Parasitic plants devastate entire fields of crops every year, resulting in billions of dollars of food lost. As food prices rise, protecting crops from parasitic plants is crucial to keeping meals affordable. Researchers at the University of Toronto have discovered a path to rescuing crops by finding an unexpected feature of the protein that leads parasitic seeds to sprout.
Healthy plants secrete a hormone called strigolactone. Hormone receptors in seeds of the parasitic Striga plant respond to this sign of abundance by activating the Striga seed to sprout. The parasitic seedling then infiltrates the roots of a healthy crop plant to steal its nutrients.
The shape of a receptor protein can change as it is activated, and knowing this shape helps design chemicals to block the receptor. All previous attempts to capture strigolactone bound to its receptor were unsuccessful.

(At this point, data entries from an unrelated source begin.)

(* Integration by parts turns the moments [mu k] of the weight into a linear
   functional [L] on polynomials with
     L (X p') = L (X p) - (alpha + 1) L p - t W p(t),   W = B t^alpha e^(-t),
   the last term coming from the jump of the weight at [t].  Applied to
   [P_n ^ 2] and [P_n P_(n-1)], together with orthogonality, it expresses the
   subleading coefficient of [P_n] through [sum_(j<n) R_j] and relates it to
   [h_n - t W P_n(t) P_(n-1)(t)].  The functional
   [N p = L p - L p' - W p(t)] factors on products [P_i P_j], and comparing
   [N (P_n P_(n-1))] with [N (P_n ^ 2)] and [N (P_(n-1) ^ 2)] yields a quadratic
   relation.  The three stated identities are algebraic consequences of these
   two relations. *)

Lemma rpow_nonpos x a : x <= 0 -> rpow x a = 0.
Proof. intros H; unfold rpow; destruct (Rlt_dec 0 x); lra. Qed.

Lemma rpow_pos x a : 0 < x -> rpow x a = Rpower x a.
Proof. intros H; unfold rpow; destruct (Rlt_dec 0 x); lra. Qed.

Lemma rpow_ge0 x a : 0 <= rpow x a.
Proof.
unfold rpow; destruct (Rlt_dec 0 x); [left; apply exp_pos | lra].
Qed.

Lemma rpow_add_nat x a k : rpow x (a + INR k) = x ^ k * rpow x a.
Proof.
destruct (Rlt_dec 0 x) as [H|H].
- rewrite !rpow_pos by lra. rewrite Rpower_plus, Rpower_pow by lra. ring.
- rewrite !rpow_nonpos by lra. ring.
Qed.

Lemma rpow_small a eps : 0 < a -> 0 < eps ->
  exists d, 0 < d /\ forall y, Rabs y < d -> Rabs (rpow y a) < eps.
Proof.
intros Ha He. exists (Rpower eps (/ a)). split; [apply exp_pos|].
intros y Hy. destruct (Rlt_dec 0 y) as [Hy0|Hy0].
- rewrite rpow_pos by lra. rewrite Rabs_pos_eq in Hy by lra.
  rewrite Rabs_pos_eq by (left; apply exp_pos).
  apply Rlt_le_trans with (Rpower (Rpower eps (/ a)) a).
  + apply Rlt_Rpower_l; lra.
  + rewrite Rpower_mult, Rinv_l, Rpower_1; lra.
- rewrite rpow_nonpos, Rabs_R0; lra.
Qed.
(* Let $(X_k)$ be a Markov chain on a finite state space $E$ with irreducible, aperiodic transition matrix $P$, reversible with respect to its stationary distribution $\pi$, started from $\pi$. Let $\lambda$ be the second largest eigenvalue of $P$, $\lambda_0=\max(0,\lambda)$, and let $f:E\to\mathbb R$ with $\min f(E)=0$, $\max f(E)=1$, $\mu=\mathbb E_\pi f(X_k)$, $S_n=\sum_{k=1}^nf(X_k)$. Let $D=\mathrm{diag}(\sqrt{\pi_i})$, $D_t=\mathrm{diag}(e^{tf(i)/2})$, $\gamma_1=(\sqrt{\pi_i})_{i\in E}$, $G_t=D_tDPD^{-1}D_t$, $H_t=D_t[\lambda_0I+(1-\lambda_0)\gamma_1\gamma_1']D_t$, and let $\zeta(t)$ and $\eta(t)$ be the largest eigenvalues of $G_t$ and $H_t$ respectively. Then for every $\varepsilon>0$, $n\ge1$ and $t\ge0$, $$\mathbb P_\pi[S_n\ge n(\mu+\varepsilon)]\le\|D_t\gamma_1\|^2\zeta(t)^{-1}\exp\{-n[t(\mu+\varepsilon)-\log\zeta(t)]\}\le\|D_t\gamma_1\|^2\eta(t)^{-1}\exp\{-n[t(\mu+\varepsilon)-\log\eta(t)]\},$$ and furthermore $$\mathbb P_\pi[S_n\ge n(\mu+\varepsilon)]\le\exp\{-n[t(\mu+\varepsilon)-\log\eta(t)]\}.$$
   Context: Reversibility means $\pi_ip_{ij}=\pi_jp_{ji}$ for all $i,j$; then all eigenvalues of $P$ are real, listed as $1=\lambda_1>\lambda_2\ge\cdots$ with multiplicity, and the second largest eigenvalue is $\lambda=\lambda_2$. Diagonal matrices and vectors are indexed by the states of $E$ in a fixed order. $\|\cdot\|$ is the Euclidean norm. Note $DPD^{-1}$ is symmetric, so $G_t$ and $H_t$ are symmetric. *)

From HB Require Import structures.
From mathcomp Require Import all_boot all_order all_algebra.
From mathcomp Require Import all_classical all_reals all_analysis.
Set Implicit Arguments. Unset Strict Implicit. Unset Printing Implicit Defensive.
Import Order.TTheory GRing.Theory Num.Theory.
Local Open Scope ring_scope.
(* Let $X$ be a Tychonoff space and let $G(X)$ denote either $F(X)$ or $A(X)$. Then $G(X)$ has countable fan-tightness if and only if $X$ is discrete. *)

From Stdlib Require Import Reals List.
Open Scope R_scope.

Record TopSpace := {
  pt :> Type;
  is_open : (pt -> Prop) -> Prop;
  open_total : is_open (fun _ => True);
  open_inter : forall U V, is_open U -> is_open V -> is_open (fun x => U x /\ V x);
  open_union : forall F : (pt -> Prop) -> Prop,
      (forall U, F U -> is_open U) -> is_open (fun x => exists U, F U /\ U x)
}.
Arguments is_open {_} _.

Definition is_closed {X : TopSpace} (C : X -> Prop) : Prop :=
  is_open (fun x => ~ C x).

Definition in_closure {X : TopSpace} (S : X -> Prop) (x : X) : Prop :=
  forall U, is_open U -> U x -> exists y, U y /\ S y.

Definition continuous {X Y : TopSpace} (f : X -> Y) : Prop :=
  forall V : Y -> Prop, is_open V -> is_open (fun x => V (f x)).

Definition continuous_R {X : TopSpace} (f : X -> R) : Prop :=
  forall (x : X) (eps : R), 0 < eps ->
    exists U, is_open U /\ U x /\ forall y, U y -> Rabs (f y - f x) < eps.

Definition discrete (X : TopSpace) : Prop := forall U : X -> Prop, is_open U.

Definition tychonoff (X : TopSpace) : Prop :=
  (forall x : X, is_closed (fun y => y = x)) /\
  (forall (C : X -> Prop) (x : X), is_closed C -> ~ C x ->
     exists f : X -> R, continuous_R f /\ f x = 0 /\
       (forall y, C y -> f y = 1) /\ (forall y, 0 <= f y <= 1)).

Definition countable_fan_tightness (X : TopSpace) : Prop :=
  forall (x : X) (A : nat -> X -> Prop),
    (forall n, in_closure (A n) x) ->
    exists F : nat -> list X,
      (forall n y, In y (F n) -> A n y) /\
      in_closure (fun y => exists n, In y (F n)) x.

Amir Arellano Saab in Prof Peter McCourt’s lab identified a number of receptor mutants that he predicted would capture the hormone. He worked with Dr Peter Stogios of BioZone to crystalize these purified proteins bound to hormone.
Arellano Saab and Stogios were excited to obtain crystals of high-affinity HTL5 receptor bound to strigolactone. They applied structural biology techniques and AI-powered molecular dynamics simulations to resolve the shapes inside the crystal.
As Stogios presented the result at lab meeting, his colleagues gasped in astonishment. They could clearly see a tunnel through the protein which wasn’t there if there was no hormone. The most likely role for this tunnel is to dispose of the hormone once it is processed.
Scientists will now be able to design chemicals to block the tunnel, preventing the sprout-promoting activity of the receptor. Striga is a frequent cause of crop loss in Africa, so this will greatly improve yields for African farmers in particular.
These results are published in the journal Nature Plants as “Structural analysis of a hormone-bound Striga strigolactone receptor”.